▶ [PROBLEM TO SOLVE]
Find every line in the records below that contains "apply", and copy it.

▶ [THE RECORDS]
______
Lemma linear_zero {H K : Hilbert} (T : H -> K) : linear_map T -> T hzero = hzero.
Proof. intros [_ Hs]. rewrite <- (hscal0 (@hzero H)), Hs. apply hscal0. Qed.

Lemma linear_sub {H K : Hilbert} (T : H -> K) x y :
  linear_map T -> T (hsub x y) = hsub (T x) (T y).
Proof. intros [Ha Hs]. unfold hsub. rewrite Ha, !hopp_scal, Hs. reflexivity. Qed.

(** Discriminant argument: the quadratic [t ↦ |x + t y|^2] is nonnegative. *)
Lemma cauchy_schwarz_re {H : Hilbert} (x y : H) :
  Rabs (re (hinner x y)) <= hnorm x * hnorm y.
Proof.
  set (a := re (hinner x x)). set (b := re (hinner x y)). set (c := re (hinner y y)).
  assert (quad : forall t, 0 <= a + 2 * t * b + t * t * c).
  { intro t. pose proof (proj2 (hinner_pos _ (hadd x (hscal (RtoC t) y)))) as K.
    rewrite re_inner_comb, (re_inner_sym x y) in K. unfold a, b, c. lra. }
  assert (Ha : 0 <= a) by apply hinner_pos.
  assert (Hc : 0 <= c) by apply hinner_pos.
  assert (discr : b * b <= a * c).
  { destruct (Req_dec c 0) as [E|E].
    - destruct (Req_dec b 0) as [F|F]; [rewrite F, E; lra|].
      specialize (quad (- (a + 1) / (2 * b))).
      replace (a + 2 * (- (a + 1) / (2 * b)) * b
               + - (a + 1) / (2 * b) * (- (a + 1) / (2 * b)) * c)
        with (-1) in quad by (rewrite E; field; auto). lra.
    - specialize (quad (- b / c)).
      replace (a + 2 * (- b / c) * b + - b / c * (- b / c) * c)
        with ((a * c - b * b) / c) in quad by (field; auto).
      assert (0 <= (a * c - b * b) / c * c) by (apply Rmult_le_pos; lra).
      replace ((a * c - b * b) / c * c) with (a * c - b * b) in H0 by (field; auto). lra. }
  pose proof (hnorm_sq x) as Nx. pose proof (hnorm_sq y) as Ny. fold a in Nx. fold c in Ny.
  pose proof (hnorm_pos x). pose proof (hnorm_pos y).
  assert (Hr : Rabs b * Rabs b = b * b) by (rewrite <- Rabs_mult, Rabs_right; nra).
  pose proof (Rabs_pos b).
  assert (0 <= hnorm x * hnorm y) by (apply Rmult_le_pos; auto).
  nra.
Qed.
______
▶ [TASK RESPONSE]
Proof. intros [_ Hs]. rewrite <- (hscal0 (@hzero H)), Hs. apply hscal0. Qed.
  assert (Ha : 0 <= a) by apply hinner_pos.
  assert (Hc : 0 <= c) by apply hinner_pos.
      assert (0 <= (a * c - b * b) / c * c) by (apply Rmult_le_pos; lra).
  assert (0 <= hnorm x * hnorm y) by (apply Rmult_le_pos; auto).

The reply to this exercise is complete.